## Problem
Quote exactly and only this range of lines in the data below: the line that holds "elements of V *)" to the line that holds "Definition avg (T", both included.

**********

(* For every $\epsilon>0$, every integer $k\ge1$ and every finite set $U$ with $|U|\ge k$ there is a constant $C_1=C_1(|U|,k,\epsilon)$ such that the following holds. Let $\{X_u\}_{u\in U}$ be finite non-empty sets, let $X_V=\prod_{u\in V}X_u$ for $V\subset U$, and let $\mathcal U_k$ be the collection of subsets of $U$ of cardinality exactly $k$. For each $V\in\mathcal U_k$ let $S_V\subset X_V$ satisfy $$\big\|S_V-\mathbb P(S_V)\big\|_{\Box^V(X_V)}\le\big(\tfrac12\mathbb P(S_V)\big)^{C_1},\qquad V\in\mathcal U_k .$$ Then $$\Big|\mathbb E_{x\in X_U}\prod_{V\in\mathcal U_k}S_V(x_V)-\prod_{V\in\mathcal U_k}\mathbb E_{x_V\in X_V}S_V(x_V)\Big|\le\epsilon\prod_{V\in\mathcal U_k}\mathbb E_{x_V\in X_V}S_V(x_V).$$
   Context: Sets are identified with their indicator functions; $\mathbb E_{x\in X}$ denotes the uniform average over a finite set $X$, and $\mathbb P(S_V)=|S_V|/|X_V|$. For $x=(x_u)_{u\in U}\in X_U$ and $V\subset U$, $x_V=(x_u)_{u\in V}$. For a non-empty finite index set $V$ and $f:X_V\to\mathbb C$, the Gowers box norm is defined by $$\|f\|_{\Box^V(X_V)}^{2^{|V|}}=\mathbb E_{x^0,x^1\in X_V}\prod_{\omega\in\{0,1\}^V}\mathcal C^{|\omega|}f(x^{\omega}),$$ where $x^{\omega}=(x^{\omega_v}_v)_{v\in V}$, $|\omega|=\sum_v\omega_v$, and $\mathcal C$ is complex conjugation. (For real $f$ the conjugations can be ignored.) *)

From HB Require Import structures.
From mathcomp Require Import all_boot all_order all_algebra.
From mathcomp Require Import all_classical all_reals all_analysis.
Set Implicit Arguments. Unset Strict Implicit. Unset Printing Implicit Defensive.
Import Order.TTheory GRing.Theory Num.Theory.
Local Open Scope ring_scope.

Section Defs.
Variable R : realType.
Variables (U : finType) (X : U -> finType).

(* X_V = prod_{u in V} X_u, as dependent finite functions on the elements of V *)
Definition XV (V : {set U}) : finType := {dffun forall i : {u : U | u \in V}, X (val i)}.

Definition XU : finType := {dffun forall u : U, X u}.

Definition restr (V : {set U}) (x : XU) : XV V := [ffun i => x (val i)].

Definition avg (T : finType) (f : T -> R) : R := (\sum_(t : T) f t) / #|T|%:R.

Definition dens (T : finType) (S : {set T}) : R := #|S|%:R / #|T|%:R.

Definition mixpt (V : {set U}) (om : {ffun {u : U | u \in V} -> bool}) (x0 x1 : XV V) : XV V :=
  [ffun i => if om i then x1 i else x0 i].

(* ||f||_{Box^V}^{2^|V|} for real-valued f (conjugations are trivial) *)
Definition boxpow (V : {set U}) (f : XV V -> R) : R :=
  avg (fun p : XV V * XV V =>
    \prod_(om : {ffun {u : U | u \in V} -> bool}) f (mixpt om p.1 p.2)).

Definition boxnorm (V : {set U}) (f : XV V -> R) : R :=
  powR (boxpow f) (2 ^+ #|V|)^-1.
End Defs.
Lemma dyadic_floor_sep (y y' : R) : 0 <= y -> y < y' ->
  exists n, (dyadic_floor y n < dyadic_floor y' n)%N.
Proof.
move=> y0 lt_yy'; set d := y' - y.
have d0 : 0 < d by rewrite subr_gt0.
exists (Num.truncn d^-1).+1; set n := (Num.truncn d^-1).+1.
have : d^-1 < 2 ^+ n.
  apply: (lt_le_trans (truncnS_gt _)).
  by rewrite -natrX ler_nat ltnW// ltn_expl.
rewrite -[d^-1]mul1r ltr_pdivrMr// /d mulrC mulrBl => gap.
have /andP[lo _] := truncn_itv (mulr_ge0 y0 (exprn_ge0 n (ler0n R 2))).
by rewrite /dyadic_floor truncn_gt_nat -natr1; lra.
Qed.

Lemma binary_digit_first_diff (y y' : R) : 0 <= y -> y < y' -> y' < 1 ->
  exists n, [/\ forall k, (k < n)%N -> binary_digit y k = binary_digit y' k,
             binary_digit y n = false & binary_digit y' n = true].
Proof.
move=> y0 lt_yy' y'1; have y'0 : 0 <= y' by rewrite (le_trans y0)// ltW.
have [[|m] lt_m min_m] := ex_minnP (dyadic_floor_sep y0 lt_yy').
  by rewrite !dyadic_floor0 ?y0 ?y'0 ?(lt_trans lt_yy') in lt_m.
have eq_floor k : (k <= m)%N -> dyadic_floor y k = dyadic_floor y' k.
  move=> km; have := le_dyadic_floor k (ltW lt_yy').
  rewrite leq_eqVlt => /predU1P[//|/min_m]; lia.
have lt_digit : (binary_digit y m < binary_digit y' m)%N.
  by move: lt_m; rewrite !dyadic_floorS// eq_floor// ltn_add2r.
exists m; split=> [k km||]; first by rewrite /binary_digit eq_floor.
all: by move: lt_digit; case: (binary_digit y m); case: (binary_digit y' m).
Qed.

Lemma binary_digit_inj (y y' : R) : 0 <= y < 1 -> 0 <= y' < 1 -> y != y' ->
  exists k, binary_digit y k != binary_digit y' k.
Proof.
move=> /andP[y0 y1] /andP[y'0 y'1]; rewrite neq_lt => /orP[lt|lt].
  have [n [_ dy dy']] := binary_digit_first_diff y0 lt y'1.
  by exists n; rewrite dy dy'.
have [n [_ dy' dy]] := binary_digit_first_diff y'0 lt y1.
by exists n; rewrite dy dy'.
Qed.
(* Let $(G,\Phi)$ be a self-similar group with $G$ finitely generated and $(G,\Phi)$ faithful, contracting and self-replicating; let $(G_0,\varphi_1)$ be a standard contracting cover with projection $\pi:G_0\to G$. For $n\ge 0$ let $N_n=\{g\in G_0: vg=v \text{ and } g_v=1\ \forall v\in X^n\}$ (computed in $(G_0,\varphi_1)$), and $G_n=G_0/N_n$. Then $N_0\subseteq N_1\subseteq\cdots$ and $\bigcup_{n\ge 0}N_n=\ker\pi$; consequently the marked groups $(G_n,S)$ converge to $(G,\pi(S))$ in the space of marked groups on $|S|$ generators.
   Context: Self-similar groups: fix $d\ge 2$, $X=\{0,\dots,d-1\}$, $S_d$ the symmetric group of $X$ acting from the right. $G\wr S_d=G^X\rtimes S_d$ with product $((g_x),\tau)((g'_x),\tau')=((g_xg'_{x\tau}),\tau\tau')$. A self-similar group is $(G,\Phi)$ with $\Phi:G\to G\wr S_d$ a homomorphism, $\Phi(g)=((g_x)_x,\tau_g)$; action on finite words $X^*$ and sections: empty word fixed, $(xw)g=(x\tau_g)(w\,g_x)$, $g_\emptyset=g$, $g_{xw}=(g_x)_w$. Faithful: action on $X^*$ faithful. Contracting: there is a finite $\mathcal M$ with $g_v\in\mathcal M$ for all $v$ of length $\ge k(g)$; nucleus $\mathcal N$ = smallest such set. Self-replicating: for all $g$, $x$ there is $h$ with $xh=x$, $h_x=g$. Universal contracting cover: $\mathcal N=\{n_1,\dots,n_\ell\}$, $\Phi(n_i)=((n_{i(x)})_x,\tau_i)$; $S=\{s_1,\dots,s_\ell\}$; relators $s_i$ ($n_i=1$), $s_is_j$ ($n_in_j=1$), $s_is_js_k$ ($n_in_jn_k=1$); $G_0^{un}=\langle S\mid R\rangle$, $\pi^{un}(s_i)=n_i$; $\varphi^{un}$ extends $s_i\mapsto((s_{i(x)})_x,\tau_i)$. Standard contracting cover: for $x\in X$, $n_i\in\mathcal N$ choose $g(x,n_i)\in G$ fixing $x$ with $g(x,n_i)_x=n_i$, a lift $h(x,n_i)\in G_0^{un}$, $w(x,n_i)=h(x,n_i)_xs_i^{-1}$, $E=\{w(x,n_i)_v\}$ over all $x,n_i,v\in X^*$, $H$ its normal closure, $G_0=G_0^{un}/H$, with $\pi,\varphi_1$ induced by $\pi^{un},\varphi^{un}$. Marked groups: $\mathcal M_k$ is the set of pairs $(G,S)$ with $S$ an ordered $k$-tuple generating $G$, identified with normal subgroups of the free group $F_k$ (kernels of $F_k\to G$); $(G_n,S_n)\to(G,S)$ means that for every finite $K\subset F_k$, $\ker_n\cap K=\ker\cap K$ for all large $n$. *)

From mathcomp Require Import all_boot all_order all_fingroup.
From Stdlib Require Import Relation_Operators.
From Stdlib Require List.
Set Implicit Arguments. Unset Strict Implicit. Unset Printing Implicit Defensive.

**********

## Final answer
(* X_V = prod_{u in V} X_u, as dependent finite functions on the elements of V *)
Definition XV (V : {set U}) : finType := {dffun forall i : {u : U | u \in V}, X (val i)}.

Definition XU : finType := {dffun forall u : U, X u}.

Definition restr (V : {set U}) (x : XU) : XV V := [ffun i => x (val i)].

Definition avg (T : finType) (f : T -> R) : R := (\sum_(t : T) f t) / #|T|%:R.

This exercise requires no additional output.